The wider variety of trees you have the better. Check with your local bird groups (or online) for specific recommendations regarding the ideal nesting environment for birds which frequent your location. Different birds prefer not only different trees but also different heights. For example, the hummingbirds here on our farm, prefer the cashew trees and are always about 7 feet from the ground. Their choice of nesting material is the seeds from the reeds or cattails.

Once you start noticing the birds in your area, you too will discover things such as these. All of these little details can be used to promote your small farm as a bird reserve or an area for bird watching.  


Some of the bird reserves I have been to feed the birds with bird seed. Then, they have benches near-by for people to sit and watch.  Although this is okay, it isn't birds in their natural habitat which more purest birdwatchers want to see. Be that as it may, it does attract a wide variety of birds depending on what type of seeds are provided. If you live in an area which gets snow, feeding the birds is something which could be saving them as food is scarce at that time of year for them.  

How to attract birdwatchers

Ok so you have your birds and hides but how do you get people to pay you money to come and see them? 
Advertising doesn't have to be expensive, in fact some of it may be free. Put up notices in public places, you'll be surprised at just how many people there are who enjoy bird watching, especially if they don't have to travel far to see them. 
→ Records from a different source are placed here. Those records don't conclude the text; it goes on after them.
Lemma series_geom_dominated (a : nat -> R) (A r : R) :
  0 <= r < 1 -> (forall k, Rabs (a k) <= A * r ^ k) ->
  ex_series a /\ Rabs (Series a) <= A / (1 - r).
Proof.
  intros Hr Ha.
  assert (Hg : is_series (fun k => A * r ^ k) (A / (1 - r))).
  { apply (is_series_scal_l A (fun k => r ^ k)), is_series_geom. rewrite Rabs_right; lra. }
  assert (Habs : ex_series (fun k => Rabs (a k))).
  { apply (@ex_series_le R_AbsRing R_CompleteNormedModule _ (fun k => A * r ^ k)).
    - intro k. change (norm (Rabs (a k))) with (Rabs (Rabs (a k))). rewrite Rabs_Rabsolu. apply Ha.
    - eexists; exact Hg. }
  split; [apply ex_series_Rabs, Habs|].
  eapply Rle_trans; [apply Series_Rabs, Habs|].
  rewrite <- (is_series_unique _ _ Hg).
  apply Series_le; [|eexists; exact Hg]. intro k. split; [apply Rabs_pos | apply Ha].
Qed.

Lemma is_lim_seq_bounded (u : nat -> R) (l : R) :
  is_lim_seq u l -> exists M, forall m, Rabs (u m) <= M.
Proof.
  intros Hu. destruct (filterlim_bounded u (ex_intro _ l Hu)) as [M HM]. exists M. exact HM.
Qed.

Lemma pow_le_1 (x : R) (n : nat) : 0 <= x <= 1 -> x ^ n <= 1.
Proof. intros Hx. induction n; simpl; [lra|]. pose proof (pow_le x n ltac:(lra)). nra. Qed.

Lemma forward_recursion_bound (u : nat -> R) (mu c : R) :
  0 <= mu < 1 -> 0 <= c -> u 0%nat = 0 ->
  (forall m, Rabs (u (S m)) <= mu * Rabs (u m) + c) -> forall m, Rabs (u m) <= c / (1 - mu).
Proof.
  intros Hmu Hc H0 H m. induction m.
  - rewrite H0, Rabs_R0. apply Rdiv_le_0_compat; lra.
  - eapply Rle_trans; [apply H|].
    apply (Rmult_le_compat_l mu) in IHm; [|lra].
    replace (c / (1 - mu)) with (mu * (c / (1 - mu)) + c) by (field; lra). lra.
Qed.

Lemma backward_recursion_bound (u : nat -> R) (q c M : R) :
  0 <= q < 1 -> 0 <= c -> (forall m, Rabs (u m) <= M) ->
  (forall m, Rabs (u m) <= q * Rabs (u (S m)) + c) -> forall m, Rabs (u m) <= c / (1 - q).
Proof.
  intros Hq Hc HM H m. apply (le_of_le_plus_geom _ _ M q Hq). intro j. revert m.
  induction j as [|j IH]; intro m.
  - pose proof (Rdiv_le_0_compat c (1 - q) Hc ltac:(lra)). specialize (HM m). simpl. lra.
  - eapply Rle_trans; [apply H|].
    specialize (IH (S m)). apply (Rmult_le_compat_l q) in IH; [|lra].
    replace (c / (1 - q) + M * q ^ S j) with (q * (c / (1 - q) + M * q ^ j) + c)
      by (simpl; field; lra). lra.
Qed.

Lemma tail_recursion_bound (u : nat -> R) (nu c : R) :
  0 <= nu < 1 -> 0 <= c -> is_lim_seq u 0 ->
  (forall m, Rabs (u m) <= Rabs (u (S m)) + c * nu ^ m) ->
  forall m, Rabs (u m) <= c * nu ^ m / (1 - nu).
Proof.
  intros Hnu Hc Hu H m.
  assert (Hj : forall j m, Rabs (u m) <= Rabs (u (j + m)%nat) + c * nu ^ m / (1 - nu)).
  { intro j. induction j as [|j IH]; intro m'.
    - pose proof (pow_le nu m' ltac:(lra)).
      assert (0 <= c * nu ^ m' / (1 - nu)) by (apply Rdiv_le_0_compat; nra). simpl. lra.
    - eapply Rle_trans; [apply H|].
      specialize (IH (S m')). replace (j + S m')%nat with (S j + m')%nat in IH by lia.
      replace (c * nu ^ m' / (1 - nu)) with (c * nu ^ S m' / (1 - nu) + c * nu ^ m')
        by (simpl; field; lra). lra. }
  assert (Hlim : is_lim_seq (fun j => Rabs (u (j + m)%nat) + c * nu ^ m / (1 - nu))
                   (c * nu ^ m / (1 - nu))).
  { pose proof (is_lim_seq_abs _ _ (proj1 (is_lim_seq_incr_n u m 0) Hu)) as L.
    simpl in L. rewrite Rabs_R0 in L.
    pose proof (is_lim_seq_plus' _ _ _ _ L (is_lim_seq_const (c * nu ^ m / (1 - nu)))) as L'.
    rewrite Rplus_0_l in L'. exact L'. }
  exact (is_lim_seq_le (fun _ => Rabs (u m)) _ _ _ (fun j => Hj j m) (is_lim_seq_const _) Hlim).
Qed.

Lemma is_lim_seq_forced_contraction (x : nat -> R) (mu nu c : R) :
  0 <= mu < 1 -> 0 <= nu < 1 -> 0 <= c ->
  (forall m, Rabs (x (S m)) <= mu * Rabs (x m) + c * nu ^ m) -> is_lim_seq x 0.
Proof.
  intros Hmu Hnu Hc H.
  pose proof (Rmax_l mu nu); pose proof (Rmax_r mu nu).
  assert (Rmax mu nu < 1) by (apply Rmax_lub_lt; lra).
  (* any rate s strictly between max(mu, nu) and 1 works *)
  set (s := (1 + Rmax mu nu) / 2).
  set (A := Rmax (Rabs (x 0%nat)) (c / (s - mu))).
  assert (HA1 : Rabs (x 0%nat) <= A) by apply Rmax_l.
  assert (Hsmu : 0 < s - mu) by (unfold s; lra).
  assert (HA : c <= A * (s - mu)).
  { assert (HA2 : c / (s - mu) <= A) by apply Rmax_r.
    apply (Rmult_le_compat_r (s - mu)) in HA2; [|lra].
    assert (E : c / (s - mu) * (s - mu) = c) by (field; exact (Rgt_not_eq _ _ Hsmu)). lra. }
  apply (is_lim_seq_geom_dominated x A s); [unfold s; lra|].
  induction m as [|m IH]; [simpl; lra|].
  eapply Rle_trans; [apply H|].
  assert (nu ^ m <= s ^ m) by (apply pow_incr; unfold s; lra).
  pose proof (pow_le nu m ltac:(lra)).
  assert (0 <= A) by (pose proof (Rabs_pos (x 0%nat)); lra).
  assert (mu * Rabs (x m) <= mu * (A * s ^ m)) by (apply Rmult_le_compat_l; lra).
  assert (c * nu ^ m <= A * (s - mu) * s ^ m) by (apply Rmult_le_compat; lra).
  simpl. nra.
Qed.

Lemma is_lim_seq_const_plus_dominated (c : R) (x : nat -> R) (A s : R) :
  0 <= s < 1 -> (forall m, Rabs (x m) <= A * s ^ m) -> is_lim_seq (fun m => c + x m) c.
Proof.
  intros Hs Hx. pose proof (is_lim_seq_plus' _ _ c 0 (is_lim_seq_const c)
                              (is_lim_seq_geom_dominated x A s Hs Hx)) as L.
  rewrite Rplus_0_r in L. exact L.
Qed.

Definition bounded_by (u : nat -> vec4) (W : R) : Prop :=
  forall m i, (i < 4)%nat -> Rabs (u m i) <= W.

Definition seq_sub (u v : nat -> vec4) : nat -> vec4 := fun m i => u m i - v m i.

Lemma bounded_by_nonneg (u : nat -> vec4) (W : R) : bounded_by u W -> 0 <= W.
Proof.
  intros Hu. specialize (Hu 0%nat 0%nat ltac:(lia)). pose proof (Rabs_pos (u 0%nat 0%nat)). lra.
Qed.

Lemma dot4_seq_sub (a : vec4) (u v : nat -> vec4) (m : nat) :
  dot4 a (seq_sub u v m) = dot4 a (u m) - dot4 a (v m).
Proof. unfold dot4, seq_sub. ring. Qed.

Section LyapunovPerron.
Variables (mu nu gam : R) (f g h0 h1 : nat -> vec4).
Hypotheses (Hmu : 0 < mu < 1) (Hnu : 0 < nu < 1) (Hgam : 0 <= gam).

Definition row_decay (a : nat -> vec4) : Prop :=
  forall j w W, (forall i, (i < 4)%nat -> Rabs (w i) <= W) ->
  Rabs (dot4 (a j) w) <= gam * nu ^ j * W.

Definition contraction_rate : R := gam * (/ (1 - mu) + / (1 - nu)).

Definition solves (u : nat -> vec4) : Prop :=
  forall m,
    u (S m) 0%nat = mu * u m 0%nat + dot4 (f m) (u m) /\
    u (S m) 1%nat = / mu * u m 1%nat + dot4 (g m) (u m) /\
    u (S m) 2%nat = u m 2%nat + dot4 (h0 m) (u m) /\
    u (S m) 3%nat = u m 3%nat + dot4 (h1 m) (u m).

Definition decaying_solution (xi0 c1 c2 : R) (u : nat -> vec4) : Prop :=
  solves u /\ u 0%nat 0%nat = xi0 /\
  is_lim_seq (fun m => u m 2%nat) c1 /\ is_lim_seq (fun m => u m 3%nat) c2 /\
  is_lim_seq (fun m => u m 0%nat) 0 /\ is_lim_seq (fun m => u m 1%nat) 0.

Hypothesis Hrate : contraction_rate < 1.
Hypotheses (Hf : row_decay f) (Hg : row_decay g) (Hh0 : row_decay h0) (Hh1 : row_decay h1).

Lemma contraction_rate_nonneg : 0 <= contraction_rate.
Proof.
  unfold contraction_rate. pose proof (Rinv_0_lt_compat (1 - mu) ltac:(lra)).
  pose proof (Rinv_0_lt_compat (1 - nu) ltac:(lra)). apply Rmult_le_pos; lra.
Qed.

Lemma contraction_rate_ge (W : R) : 0 <= W ->
  gam * W / (1 - mu) <= contraction_rate * W /\ gam * W / (1 - nu) <= contraction_rate * W.
Proof.
  intros HW. unfold contraction_rate, Rdiv.
  pose proof (Rinv_0_lt_compat (1 - mu) ltac:(lra)).
  pose proof (Rinv_0_lt_compat (1 - nu) ltac:(lra)).
  assert (0 <= gam * W) by (apply Rmult_le_pos; lra).
  split; nra.
Qed.

Lemma row_decay_le (a : nat -> vec4) (u : nat -> vec4) (W : R) (m : nat) :
  row_decay a -> bounded_by u W -> Rabs (dot4 (a m) (u m)) <= gam * W.
Proof.
  intros Ha Hu. pose proof (bounded_by_nonneg _ _ Hu).
  eapply Rle_trans; [apply Ha; intros i Hi; apply Hu, Hi|].
  pose proof (pow_le_1 nu m ltac:(lra)). pose proof (pow_le nu m ltac:(lra)).
  assert (0 <= gam * W) by (apply Rmult_le_pos; lra). nra.
Qed.

(** * Uniqueness *)

Lemma solves_seq_sub (u v : nat -> vec4) : solves u -> solves v -> solves (seq_sub u v).
Proof.
  intros Hu Hv m. destruct (Hu m) as [U0 [U1 [U2 U3]]]. destruct (Hv m) as [V0 [V1 [V2 V3]]].
  unfold seq_sub; cbv beta. rewrite U0, U1, U2, U3, V0, V1, V2, V3.
  unfold dot4. repeat split; ring.
Qed.

Lemma solves_bounded_contract (w : nat -> vec4) (W : R) :
  solves w -> w 0%nat 0%nat = 0 ->
  (forall i, (i < 4)%nat -> is_lim_seq (fun m => w m i) 0) ->
  bounded_by w W -> bounded_by w (contraction_rate * W).
Proof.
  intros Hw H0 Hlim HW. pose proof (bounded_by_nonneg _ _ HW) as W0.
  destruct (contraction_rate_ge W W0) as [Q1 Q2].
  assert (GW : 0 <= gam * W) by (apply Rmult_le_pos; lra).
  assert (Drift : forall a i, row_decay a -> (i < 4)%nat ->
            (forall m, w (S m) i = w m i + dot4 (a m) (w m)) ->
            forall m, Rabs (w m i) <= contraction_rate * W).
  { intros a i Ha Hi Hrec m. eapply Rle_trans; [|apply Q2].
    eapply Rle_trans; [apply (tail_recursion_bound (fun m => w m i) nu (gam * W)); try lra; [apply Hlim, Hi|]|].
    - intro k. replace (w k i) with (w (S k) i - dot4 (a k) (w k)) by (rewrite Hrec; ring).
      eapply Rle_trans; [apply Rabs_triang|]. rewrite Rabs_Ropp.
      replace (gam * W * nu ^ k) with (gam * nu ^ k * W) by ring.
      pose proof (Ha k (w k) W (HW k)). lra.
    - pose proof (pow_le_1 nu m ltac:(lra)). pose proof (pow_le nu m ltac:(lra)).
      apply Rmult_le_compat_r; [pose proof (Rinv_0_lt_compat (1 - nu) ltac:(lra)); lra | nra]. }
  intros m i Hi. destruct i as [|[|[|[|i]]]]; [| | | |lia].
  - eapply Rle_trans; [|apply Q1].
    apply (forward_recursion_bound (fun m => w m 0%nat)); try lra.
    intro k. rewrite (proj1 (Hw k)). eapply Rle_trans; [apply Rabs_triang|].
    rewrite Rabs_mult, (Rabs_right mu) by lra.
    pose proof (row_decay_le f w W k Hf HW). lra.
  - eapply Rle_trans; [|apply Q1].
    apply (backward_recursion_bound (fun m => w m 1%nat) mu _ W); try lra; [intro k; apply HW; lia|].
    intro k. replace (w k 1%nat) with (mu * w (S k) 1%nat - mu * dot4 (g k) (w k))
      by (rewrite (proj1 (proj2 (Hw k))); field; lra).
    eapply Rle_trans; [apply Rabs_triang|]. rewrite Rabs_Ropp, !Rabs_mult, (Rabs_right mu) by lra.
    pose proof (row_decay_le g w W k Hg HW). pose proof (Rabs_pos (dot4 (g k) (w k))). nra.
  - apply (Drift h0); [exact Hh0 | lia | intro k; apply (Hw k)].
  - apply (Drift h1); [exact Hh1 | lia | intro k; apply (Hw k)].
Qed.

Lemma solves_zero_data (w : nat -> vec4) :
  solves w -> w 0%nat 0%nat = 0 ->
  (forall i, (i < 4)%nat -> is_lim_seq (fun m => w m i) 0) ->
  forall m i, (i < 4)%nat -> w m i = 0.
Proof.
  intros Hw H0 Hlim.
  destruct (is_lim_seq_bounded _ _ (Hlim 0%nat ltac:(lia))) as [M0 HM0].
  destruct (is_lim_seq_bounded _ _ (Hlim 1%nat ltac:(lia))) as [M1 HM1].
  destruct (is_lim_seq_bounded _ _ (Hlim 2%nat ltac:(lia))) as [M2 HM2].
  destruct (is_lim_seq_bounded _ _ (Hlim 3%nat ltac:(lia))) as [M3 HM3].
  set (M := Rmax (Rmax M0 M1) (Rmax M2 M3)).
  assert (HM : bounded_by w M).
  { pose proof (Rmax_l M0 M1); pose proof (Rmax_r M0 M1); pose proof (Rmax_l M2 M3);
    pose proof (Rmax_r M2 M3); pose proof (Rmax_l (Rmax M0 M1) (Rmax M2 M3));
    pose proof (Rmax_r (Rmax M0 M1) (Rmax M2 M3)).
    intros m i Hi. destruct i as [|[|[|[|i]]]]; [| | | |lia].
    - specialize (HM0 m). simpl in HM0. unfold M. lra.
    - specialize (HM1 m). simpl in HM1. unfold M. lra.
    - specialize (HM2 m). simpl in HM2. unfold M. lra.
    - specialize (HM3 m). simpl in HM3. unfold M. lra. }
  assert (Hj : forall j, bounded_by w (M * contraction_rate ^ j)).
  { induction j as [|j IH]; [simpl; rewrite Rmult_1_r; exact HM|].
    replace (M * contraction_rate ^ S j) with (contraction_rate * (M * contraction_rate ^ j))
      by (simpl; ring).
    apply solves_bounded_contract; assumption. }
  intros m i Hi. apply (eq0_of_abs_le_geom _ M contraction_rate).
  - split; [apply contraction_rate_nonneg | exact Hrate].
  - intro j. apply Hj, Hi.
Qed.

Lemma decaying_solution_unique (xi0 c1 c2 : R) (u v : nat -> vec4) :
  decaying_solution xi0 c1 c2 u -> decaying_solution xi0 c1 c2 v ->
  forall m i, (i < 4)%nat -> u m i = v m i.
Proof.
  intros [Su [Iu [Lu2 [Lu3 [Lu0 Lu1]]]]] [Sv [Iv [Lv2 [Lv3 [Lv0 Lv1]]]]] m i Hi.
  assert (Hlim : forall i (l : R), is_lim_seq (fun m => u m i) l -> is_lim_seq (fun m => v m i) l ->
                   is_lim_seq (fun m => seq_sub u v m i) 0).
  { intros k l Hu Hv. rewrite <- (Rminus_diag l). exact (is_lim_seq_minus' _ _ _ _ Hu Hv). }
  apply Rminus_diag_uniq. apply (solves_zero_data (seq_sub u v)); [apply solves_seq_sub; assumption | | | exact Hi].
  - unfold seq_sub. rewrite Iu, Iv. ring.
  - intros k Hk. destruct k as [|[|[|[|k]]]]; [| | | |lia]; eapply Hlim; eassumption.
Qed.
Beyond your local area, begin posting on forums about birds. Asking questions from more experience bird enthusiasts will get you and you homestead noticed. Mention the birds you have and what you are trying to do. Although some forums can have some real ''jerks" on them, steer clear of the trolls and keep your main objective in focus. That is using the forum as a place to advertise and get your small farm known as a great place to see birds. 

Go to your local schools and tell them what you are doing, they may add this to a field trip list. Once you peak the interest of kids, the adults are usually easy. 

Go to your library and explain what you are doing, get them on board and suggest giving a brief talk about birds and/or bird watching. 

Blog or Website
This will tie in nicely with other activities on your farm. If you don't have time for blogging daily, do a weekly round up of activities related to the birds seen during the week. 

These are methods to get your farm found but how do you make money from them. 

Good question.

People will pay to enter. This can be a daily, monthly or yearly fee. Having a small area, even if it is just a kiosk serving refreshments is a good idea with a few picnic tables or somewhere for them to sit. 
If you can provide accommodation, bird watchers are easy to please guests as they just want to see birds. 

If you have any unusual birds or any which are in reduced numbers, you are likely to get a good turnout of people. 
It is a sustainable business which you can grow with little capital but a willingness to learn and promote.  



    If you have a small farm or homestead, you're probably looking for ways to make more money from it. This is exactly what our goal is, to give you ideas for you to try.